Once the line with "- apply Gp_Tinv; auto." is found in the data, output it and each following line exactly, up to and including the line with "- rewrite minv_involutive, <- mmul_1r; apply Gp_S, Gp_id.", and nothing before or after.

▶ _INPUT RECORDS_:
=======

Lemma minv_involutive A : minv (minv A) = A.
Proof. destruct A; unfold minv; simpl; f_equal; ring. Qed.

Lemma minv_mid : minv mid = mid.
Proof. unfold minv, mid; simpl; f_equal; ring. Qed.

Lemma mdet_mmul A B : mdet (mmul A B) = mdet A * mdet B.
Proof. destruct A, B; unfold mdet, mmul; simpl; ring. Qed.

Lemma mdet_minv A : mdet (minv A) = mdet A.
Proof. destruct A; unfold mdet, minv; simpl; ring. Qed.

Lemma mtrace_minv A : mtrace (minv A) = mtrace A.
Proof. destruct A; unfold mtrace, minv; simpl; ring. Qed.

Lemma mtrace_mneg A : mtrace (mneg A) = - mtrace A.
Proof. destruct A; unfold mtrace, mneg; simpl; ring. Qed.

Lemma mtrace_conj M V : mdet V = 1 -> mtrace (mmul (minv V) (mmul M V)) = mtrace M.
Proof.
  destruct M as [a b c d], V as [a' b' c' d']; unfold mdet, mtrace, mmul, minv; simpl.
  intro Hdet.
  transitivity ((a + d) * (a' * d' - b' * c')); [ring | rewrite Hdet; ring].
Qed.

Lemma in_Gp_mmul lam M N : in_Gp lam M -> in_Gp lam N -> in_Gp lam (mmul M N).
Proof.
  induction 1; intro HN; rewrite ?mmul_assoc.
  - rewrite mmul_1l; exact HN.
  - apply Gp_S; auto.
  - apply Gp_Sinv; auto.
  - apply Gp_T; auto.
  - apply Gp_Tinv; auto.
Qed.

Lemma in_Gp_minv lam M : in_Gp lam M -> in_Gp lam (minv M).
Proof.
  induction 1; rewrite ?minv_mmul, ?minv_mid; [constructor | ..];
    apply in_Gp_mmul; auto.
  - rewrite <- mmul_1r; apply Gp_Sinv, Gp_id.
  - rewrite minv_involutive, <- mmul_1r; apply Gp_S, Gp_id.
  - rewrite <- mmul_1r; apply Gp_Tinv, Gp_id.
  - rewrite minv_involutive, <- mmul_1r; apply Gp_T, Gp_id.
Qed.

Lemma in_Gp_conj lam M V :
  in_Gp lam M -> in_Gp lam V -> in_Gp lam (mmul (minv V) (mmul M V)).
Proof. intros HM HV; apply in_Gp_mmul; [apply in_Gp_minv | apply in_Gp_mmul]; auto. Qed.

Lemma in_Gp_mdet lam M : in_Gp lam M -> mdet M = 1.
Proof.
  induction 1; rewrite ?mdet_mmul, ?mdet_minv, ?IHin_Gp;
    unfold mdet, mid, Smat, Tmat; simpl; ring.
Qed.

=======

▶ _WRITTEN REPLY_:
  - apply Gp_Tinv; auto.
Qed.

Lemma in_Gp_minv lam M : in_Gp lam M -> in_Gp lam (minv M).
Proof.
  induction 1; rewrite ?minv_mmul, ?minv_mid; [constructor | ..];
    apply in_Gp_mmul; auto.
  - rewrite <- mmul_1r; apply Gp_Sinv, Gp_id.
  - rewrite minv_involutive, <- mmul_1r; apply Gp_S, Gp_id.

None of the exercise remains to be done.